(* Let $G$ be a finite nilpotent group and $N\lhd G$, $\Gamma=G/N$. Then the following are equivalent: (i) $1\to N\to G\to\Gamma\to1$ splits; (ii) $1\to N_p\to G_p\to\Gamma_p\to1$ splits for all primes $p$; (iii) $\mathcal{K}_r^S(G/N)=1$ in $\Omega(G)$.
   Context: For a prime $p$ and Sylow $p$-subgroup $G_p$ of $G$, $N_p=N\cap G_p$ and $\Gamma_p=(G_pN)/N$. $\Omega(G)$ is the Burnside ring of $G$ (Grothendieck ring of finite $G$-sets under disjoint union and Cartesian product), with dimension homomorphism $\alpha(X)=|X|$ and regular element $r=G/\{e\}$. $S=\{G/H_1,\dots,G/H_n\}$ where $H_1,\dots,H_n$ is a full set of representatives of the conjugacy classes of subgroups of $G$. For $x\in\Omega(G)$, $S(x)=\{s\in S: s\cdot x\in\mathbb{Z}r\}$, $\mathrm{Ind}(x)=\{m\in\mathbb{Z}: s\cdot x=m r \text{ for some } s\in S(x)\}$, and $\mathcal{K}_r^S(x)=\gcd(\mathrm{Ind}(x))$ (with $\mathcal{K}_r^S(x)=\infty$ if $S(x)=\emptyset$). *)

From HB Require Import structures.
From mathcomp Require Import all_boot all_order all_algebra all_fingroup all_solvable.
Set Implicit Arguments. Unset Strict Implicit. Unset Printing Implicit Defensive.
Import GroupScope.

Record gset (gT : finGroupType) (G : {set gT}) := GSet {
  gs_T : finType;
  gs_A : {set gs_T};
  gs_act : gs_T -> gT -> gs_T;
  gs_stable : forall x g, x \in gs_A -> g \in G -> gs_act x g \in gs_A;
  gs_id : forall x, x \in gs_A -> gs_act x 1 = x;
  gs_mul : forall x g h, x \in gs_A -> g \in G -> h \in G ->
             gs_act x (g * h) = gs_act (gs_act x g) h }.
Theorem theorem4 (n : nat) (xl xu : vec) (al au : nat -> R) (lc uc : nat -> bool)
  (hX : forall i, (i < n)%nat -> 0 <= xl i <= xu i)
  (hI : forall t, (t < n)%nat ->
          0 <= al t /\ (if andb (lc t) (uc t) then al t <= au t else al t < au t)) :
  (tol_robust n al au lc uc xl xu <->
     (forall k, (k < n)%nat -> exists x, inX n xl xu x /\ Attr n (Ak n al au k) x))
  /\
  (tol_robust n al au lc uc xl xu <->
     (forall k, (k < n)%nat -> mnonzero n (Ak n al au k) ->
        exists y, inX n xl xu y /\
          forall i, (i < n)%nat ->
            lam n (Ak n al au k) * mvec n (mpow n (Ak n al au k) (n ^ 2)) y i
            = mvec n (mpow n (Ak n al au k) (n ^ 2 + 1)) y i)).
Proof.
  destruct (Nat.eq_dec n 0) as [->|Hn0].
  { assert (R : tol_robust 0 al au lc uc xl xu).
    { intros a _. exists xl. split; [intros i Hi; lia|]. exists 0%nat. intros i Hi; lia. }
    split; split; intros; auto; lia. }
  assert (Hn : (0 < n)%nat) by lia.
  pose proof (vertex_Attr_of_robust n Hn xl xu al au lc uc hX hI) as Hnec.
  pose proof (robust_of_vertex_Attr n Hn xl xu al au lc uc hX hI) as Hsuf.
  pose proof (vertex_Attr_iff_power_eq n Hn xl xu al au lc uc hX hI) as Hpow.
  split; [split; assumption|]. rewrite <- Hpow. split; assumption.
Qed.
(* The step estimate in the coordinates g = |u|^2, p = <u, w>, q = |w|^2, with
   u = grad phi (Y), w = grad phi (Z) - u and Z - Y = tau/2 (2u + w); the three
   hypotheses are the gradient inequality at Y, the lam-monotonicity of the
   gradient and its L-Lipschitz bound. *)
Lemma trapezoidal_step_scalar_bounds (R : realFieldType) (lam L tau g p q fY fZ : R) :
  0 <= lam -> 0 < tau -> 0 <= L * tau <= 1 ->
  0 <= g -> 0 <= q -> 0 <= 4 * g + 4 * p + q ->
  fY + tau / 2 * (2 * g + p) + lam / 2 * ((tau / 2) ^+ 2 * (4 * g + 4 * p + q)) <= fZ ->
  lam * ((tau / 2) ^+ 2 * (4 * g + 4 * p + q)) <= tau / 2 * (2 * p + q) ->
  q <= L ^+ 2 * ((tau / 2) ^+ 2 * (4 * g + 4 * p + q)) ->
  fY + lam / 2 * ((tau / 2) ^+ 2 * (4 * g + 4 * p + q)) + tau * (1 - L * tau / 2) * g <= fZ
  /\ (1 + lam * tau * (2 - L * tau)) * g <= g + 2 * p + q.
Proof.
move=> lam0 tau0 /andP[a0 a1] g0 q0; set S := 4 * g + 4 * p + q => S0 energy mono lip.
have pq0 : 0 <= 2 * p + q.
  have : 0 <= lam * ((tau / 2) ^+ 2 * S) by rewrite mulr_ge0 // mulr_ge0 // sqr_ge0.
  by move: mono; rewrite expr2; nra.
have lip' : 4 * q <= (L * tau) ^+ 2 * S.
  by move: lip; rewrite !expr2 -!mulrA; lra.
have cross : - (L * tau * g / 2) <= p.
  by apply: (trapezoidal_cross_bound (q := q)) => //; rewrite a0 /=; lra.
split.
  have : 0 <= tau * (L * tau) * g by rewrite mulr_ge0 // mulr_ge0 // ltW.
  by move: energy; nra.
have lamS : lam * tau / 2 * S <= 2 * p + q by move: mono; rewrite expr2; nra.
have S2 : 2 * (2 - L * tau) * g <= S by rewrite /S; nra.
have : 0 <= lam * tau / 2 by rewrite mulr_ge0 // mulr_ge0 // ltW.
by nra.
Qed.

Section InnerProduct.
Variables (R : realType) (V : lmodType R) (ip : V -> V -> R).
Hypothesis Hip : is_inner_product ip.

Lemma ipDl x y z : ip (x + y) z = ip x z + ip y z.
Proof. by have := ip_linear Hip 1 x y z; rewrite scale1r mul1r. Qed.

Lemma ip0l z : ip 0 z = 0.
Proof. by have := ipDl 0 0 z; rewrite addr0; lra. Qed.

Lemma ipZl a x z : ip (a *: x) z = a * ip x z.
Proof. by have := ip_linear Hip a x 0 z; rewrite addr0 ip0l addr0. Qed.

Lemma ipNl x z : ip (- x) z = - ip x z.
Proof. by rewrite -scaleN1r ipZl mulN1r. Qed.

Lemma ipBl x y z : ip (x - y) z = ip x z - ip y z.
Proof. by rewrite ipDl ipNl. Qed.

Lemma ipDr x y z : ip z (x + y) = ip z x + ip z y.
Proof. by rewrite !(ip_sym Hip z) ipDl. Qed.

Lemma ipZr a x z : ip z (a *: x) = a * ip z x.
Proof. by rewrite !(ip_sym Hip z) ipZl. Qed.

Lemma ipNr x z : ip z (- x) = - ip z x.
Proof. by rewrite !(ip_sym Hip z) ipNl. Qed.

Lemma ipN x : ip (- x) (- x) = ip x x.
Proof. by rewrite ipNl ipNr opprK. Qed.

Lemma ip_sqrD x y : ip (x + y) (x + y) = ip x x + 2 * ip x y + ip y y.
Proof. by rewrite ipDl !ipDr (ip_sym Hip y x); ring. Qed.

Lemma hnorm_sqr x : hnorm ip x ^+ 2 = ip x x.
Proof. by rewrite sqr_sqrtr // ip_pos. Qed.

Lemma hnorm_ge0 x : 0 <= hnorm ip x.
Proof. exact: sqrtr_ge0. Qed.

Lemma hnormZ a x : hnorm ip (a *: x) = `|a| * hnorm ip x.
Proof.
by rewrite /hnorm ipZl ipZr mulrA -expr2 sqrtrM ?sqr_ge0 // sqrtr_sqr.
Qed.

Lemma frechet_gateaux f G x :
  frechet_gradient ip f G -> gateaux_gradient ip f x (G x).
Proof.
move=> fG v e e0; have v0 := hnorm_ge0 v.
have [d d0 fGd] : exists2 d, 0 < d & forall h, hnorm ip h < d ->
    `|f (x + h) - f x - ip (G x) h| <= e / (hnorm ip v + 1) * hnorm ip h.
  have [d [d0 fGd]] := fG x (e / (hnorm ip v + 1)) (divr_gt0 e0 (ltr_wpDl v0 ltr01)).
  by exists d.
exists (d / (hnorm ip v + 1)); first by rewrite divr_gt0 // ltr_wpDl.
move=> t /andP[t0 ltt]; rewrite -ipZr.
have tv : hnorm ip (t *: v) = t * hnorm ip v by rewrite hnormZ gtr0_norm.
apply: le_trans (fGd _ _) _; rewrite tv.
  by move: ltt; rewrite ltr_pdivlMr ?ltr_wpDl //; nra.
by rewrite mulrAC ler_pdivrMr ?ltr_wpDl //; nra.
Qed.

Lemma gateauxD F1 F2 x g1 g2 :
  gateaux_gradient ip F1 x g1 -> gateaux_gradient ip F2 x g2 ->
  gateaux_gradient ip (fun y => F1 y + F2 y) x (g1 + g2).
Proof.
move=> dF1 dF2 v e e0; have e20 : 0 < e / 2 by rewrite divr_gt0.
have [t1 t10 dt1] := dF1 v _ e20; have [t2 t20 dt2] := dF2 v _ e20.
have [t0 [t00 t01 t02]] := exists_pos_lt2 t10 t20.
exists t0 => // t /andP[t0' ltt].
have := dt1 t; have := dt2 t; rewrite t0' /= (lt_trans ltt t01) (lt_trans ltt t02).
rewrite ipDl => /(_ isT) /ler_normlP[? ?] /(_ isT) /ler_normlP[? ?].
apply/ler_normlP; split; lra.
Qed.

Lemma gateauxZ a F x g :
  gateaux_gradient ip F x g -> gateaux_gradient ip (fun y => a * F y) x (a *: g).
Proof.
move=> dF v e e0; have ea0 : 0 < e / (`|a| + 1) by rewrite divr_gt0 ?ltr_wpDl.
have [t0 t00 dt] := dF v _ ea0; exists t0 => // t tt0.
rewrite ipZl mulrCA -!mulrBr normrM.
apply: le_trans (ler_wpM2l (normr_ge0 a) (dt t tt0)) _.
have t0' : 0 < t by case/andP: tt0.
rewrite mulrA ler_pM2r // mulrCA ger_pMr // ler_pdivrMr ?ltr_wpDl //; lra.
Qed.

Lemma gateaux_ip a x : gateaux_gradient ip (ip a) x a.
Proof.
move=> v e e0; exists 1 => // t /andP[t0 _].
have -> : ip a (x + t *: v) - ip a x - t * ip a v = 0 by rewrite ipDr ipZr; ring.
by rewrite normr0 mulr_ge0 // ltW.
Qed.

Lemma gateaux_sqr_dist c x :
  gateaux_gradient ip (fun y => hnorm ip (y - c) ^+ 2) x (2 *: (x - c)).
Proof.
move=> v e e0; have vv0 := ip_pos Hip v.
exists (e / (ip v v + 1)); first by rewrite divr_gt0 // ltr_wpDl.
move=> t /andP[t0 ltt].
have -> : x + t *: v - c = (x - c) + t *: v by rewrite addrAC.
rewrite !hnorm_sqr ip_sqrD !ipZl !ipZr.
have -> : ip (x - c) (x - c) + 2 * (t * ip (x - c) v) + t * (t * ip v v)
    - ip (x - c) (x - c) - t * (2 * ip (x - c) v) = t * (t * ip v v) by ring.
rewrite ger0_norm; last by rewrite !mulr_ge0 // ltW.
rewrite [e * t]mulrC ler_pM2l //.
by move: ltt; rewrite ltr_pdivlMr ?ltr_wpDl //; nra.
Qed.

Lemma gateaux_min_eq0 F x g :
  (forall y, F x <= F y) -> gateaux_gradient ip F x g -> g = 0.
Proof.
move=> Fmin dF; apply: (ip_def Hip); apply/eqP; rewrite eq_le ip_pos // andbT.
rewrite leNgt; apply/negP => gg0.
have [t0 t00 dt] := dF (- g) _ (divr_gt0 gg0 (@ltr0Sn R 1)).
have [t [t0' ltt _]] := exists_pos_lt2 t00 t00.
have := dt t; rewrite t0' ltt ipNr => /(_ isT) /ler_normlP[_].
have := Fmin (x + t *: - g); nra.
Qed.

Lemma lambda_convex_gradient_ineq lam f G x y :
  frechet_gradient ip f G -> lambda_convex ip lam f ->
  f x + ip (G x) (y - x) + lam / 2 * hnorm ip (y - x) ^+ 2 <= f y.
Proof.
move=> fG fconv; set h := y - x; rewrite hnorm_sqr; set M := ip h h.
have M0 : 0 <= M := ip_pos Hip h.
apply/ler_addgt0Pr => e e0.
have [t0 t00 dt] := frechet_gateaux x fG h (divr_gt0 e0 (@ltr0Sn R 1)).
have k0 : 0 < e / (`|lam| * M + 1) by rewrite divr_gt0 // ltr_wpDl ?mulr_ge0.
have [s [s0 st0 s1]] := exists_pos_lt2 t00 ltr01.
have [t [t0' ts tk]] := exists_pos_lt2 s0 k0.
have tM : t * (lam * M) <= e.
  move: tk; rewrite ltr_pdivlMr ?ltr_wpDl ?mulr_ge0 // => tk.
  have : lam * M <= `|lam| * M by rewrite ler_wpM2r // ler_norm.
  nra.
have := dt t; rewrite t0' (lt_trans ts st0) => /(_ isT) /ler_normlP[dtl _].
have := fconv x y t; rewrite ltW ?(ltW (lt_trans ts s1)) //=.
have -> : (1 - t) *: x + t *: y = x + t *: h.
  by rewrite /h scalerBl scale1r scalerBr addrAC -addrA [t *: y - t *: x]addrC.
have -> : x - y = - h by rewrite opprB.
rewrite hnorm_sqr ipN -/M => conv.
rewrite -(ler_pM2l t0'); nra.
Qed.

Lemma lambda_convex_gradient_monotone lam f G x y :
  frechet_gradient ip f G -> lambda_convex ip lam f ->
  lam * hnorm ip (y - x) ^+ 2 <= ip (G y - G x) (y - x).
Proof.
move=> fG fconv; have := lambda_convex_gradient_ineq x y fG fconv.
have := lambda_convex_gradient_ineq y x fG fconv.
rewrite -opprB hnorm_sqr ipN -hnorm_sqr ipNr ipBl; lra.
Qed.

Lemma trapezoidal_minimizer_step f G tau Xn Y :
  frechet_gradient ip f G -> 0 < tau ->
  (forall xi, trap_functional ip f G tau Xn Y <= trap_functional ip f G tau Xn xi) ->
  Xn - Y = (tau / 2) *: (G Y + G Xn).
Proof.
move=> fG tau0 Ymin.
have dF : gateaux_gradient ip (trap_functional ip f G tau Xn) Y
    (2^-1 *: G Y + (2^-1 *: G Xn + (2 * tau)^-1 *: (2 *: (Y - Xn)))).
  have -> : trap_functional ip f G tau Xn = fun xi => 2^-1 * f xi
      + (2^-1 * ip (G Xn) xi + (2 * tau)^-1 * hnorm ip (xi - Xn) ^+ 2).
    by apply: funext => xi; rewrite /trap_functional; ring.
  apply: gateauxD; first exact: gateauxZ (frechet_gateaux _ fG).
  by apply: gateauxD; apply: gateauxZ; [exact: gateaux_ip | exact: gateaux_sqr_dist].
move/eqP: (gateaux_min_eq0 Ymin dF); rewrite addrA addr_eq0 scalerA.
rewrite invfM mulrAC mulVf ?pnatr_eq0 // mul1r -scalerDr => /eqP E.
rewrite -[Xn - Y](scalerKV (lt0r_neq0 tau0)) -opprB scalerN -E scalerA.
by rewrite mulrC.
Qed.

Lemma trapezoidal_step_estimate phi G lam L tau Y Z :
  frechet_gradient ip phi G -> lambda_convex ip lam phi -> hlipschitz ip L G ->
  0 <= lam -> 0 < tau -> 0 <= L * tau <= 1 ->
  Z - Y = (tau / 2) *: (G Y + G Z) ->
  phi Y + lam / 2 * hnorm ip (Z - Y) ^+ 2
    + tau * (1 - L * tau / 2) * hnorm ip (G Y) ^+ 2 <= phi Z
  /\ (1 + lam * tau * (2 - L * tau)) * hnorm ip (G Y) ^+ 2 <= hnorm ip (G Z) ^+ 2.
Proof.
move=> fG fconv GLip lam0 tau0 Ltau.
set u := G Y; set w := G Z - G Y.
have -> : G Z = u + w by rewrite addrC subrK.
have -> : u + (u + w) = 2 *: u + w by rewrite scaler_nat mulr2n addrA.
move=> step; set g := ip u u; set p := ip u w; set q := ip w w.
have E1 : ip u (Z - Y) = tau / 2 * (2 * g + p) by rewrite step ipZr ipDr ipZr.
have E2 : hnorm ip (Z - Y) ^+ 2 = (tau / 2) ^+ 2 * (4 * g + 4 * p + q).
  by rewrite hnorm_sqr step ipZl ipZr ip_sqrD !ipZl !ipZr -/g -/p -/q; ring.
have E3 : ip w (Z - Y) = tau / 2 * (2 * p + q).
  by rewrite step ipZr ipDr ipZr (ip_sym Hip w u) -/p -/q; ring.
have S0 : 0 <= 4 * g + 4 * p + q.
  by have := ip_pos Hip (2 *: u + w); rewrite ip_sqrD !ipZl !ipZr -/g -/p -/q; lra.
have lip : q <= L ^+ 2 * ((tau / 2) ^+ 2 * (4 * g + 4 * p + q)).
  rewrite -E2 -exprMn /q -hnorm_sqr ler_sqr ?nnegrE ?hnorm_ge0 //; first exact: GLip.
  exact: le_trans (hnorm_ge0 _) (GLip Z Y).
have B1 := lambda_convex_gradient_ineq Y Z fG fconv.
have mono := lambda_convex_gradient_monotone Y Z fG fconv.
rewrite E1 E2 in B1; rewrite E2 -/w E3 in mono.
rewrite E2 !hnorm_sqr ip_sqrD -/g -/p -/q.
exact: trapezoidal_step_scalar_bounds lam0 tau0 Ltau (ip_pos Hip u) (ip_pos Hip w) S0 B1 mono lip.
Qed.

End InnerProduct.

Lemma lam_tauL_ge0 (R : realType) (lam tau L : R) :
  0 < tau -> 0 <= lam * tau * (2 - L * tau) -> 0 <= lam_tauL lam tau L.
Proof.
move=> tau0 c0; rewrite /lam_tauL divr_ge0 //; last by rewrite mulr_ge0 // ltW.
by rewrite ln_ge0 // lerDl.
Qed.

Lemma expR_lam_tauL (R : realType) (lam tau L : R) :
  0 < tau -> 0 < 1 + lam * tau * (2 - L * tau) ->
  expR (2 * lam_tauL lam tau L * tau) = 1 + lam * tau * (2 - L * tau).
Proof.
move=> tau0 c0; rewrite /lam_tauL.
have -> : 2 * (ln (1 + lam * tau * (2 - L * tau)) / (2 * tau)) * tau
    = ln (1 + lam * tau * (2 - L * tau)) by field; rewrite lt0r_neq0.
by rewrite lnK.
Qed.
···
• _What you have to do_
Write out exactly the lines from the line holding "have B1 := lambda_convex_gradient_ineq" through the last line of the data, and nothing besides those lines.

• _Answer box_
have B1 := lambda_convex_gradient_ineq Y Z fG fconv.
have mono := lambda_convex_gradient_monotone Y Z fG fconv.
rewrite E1 E2 in B1; rewrite E2 -/w E3 in mono.
rewrite E2 !hnorm_sqr ip_sqrD -/g -/p -/q.
exact: trapezoidal_step_scalar_bounds lam0 tau0 Ltau (ip_pos Hip u) (ip_pos Hip w) S0 B1 mono lip.
Qed.

End InnerProduct.

Lemma lam_tauL_ge0 (R : realType) (lam tau L : R) :
  0 < tau -> 0 <= lam * tau * (2 - L * tau) -> 0 <= lam_tauL lam tau L.
Proof.
move=> tau0 c0; rewrite /lam_tauL divr_ge0 //; last by rewrite mulr_ge0 // ltW.
by rewrite ln_ge0 // lerDl.
Qed.

Lemma expR_lam_tauL (R : realType) (lam tau L : R) :
  0 < tau -> 0 < 1 + lam * tau * (2 - L * tau) ->
  expR (2 * lam_tauL lam tau L * tau) = 1 + lam * tau * (2 - L * tau).
Proof.
move=> tau0 c0; rewrite /lam_tauL.
have -> : 2 * (ln (1 + lam * tau * (2 - L * tau)) / (2 * tau)) * tau
    = ln (1 + lam * tau * (2 - L * tau)) by field; rewrite lt0r_neq0.
by rewrite lnK.
Qed.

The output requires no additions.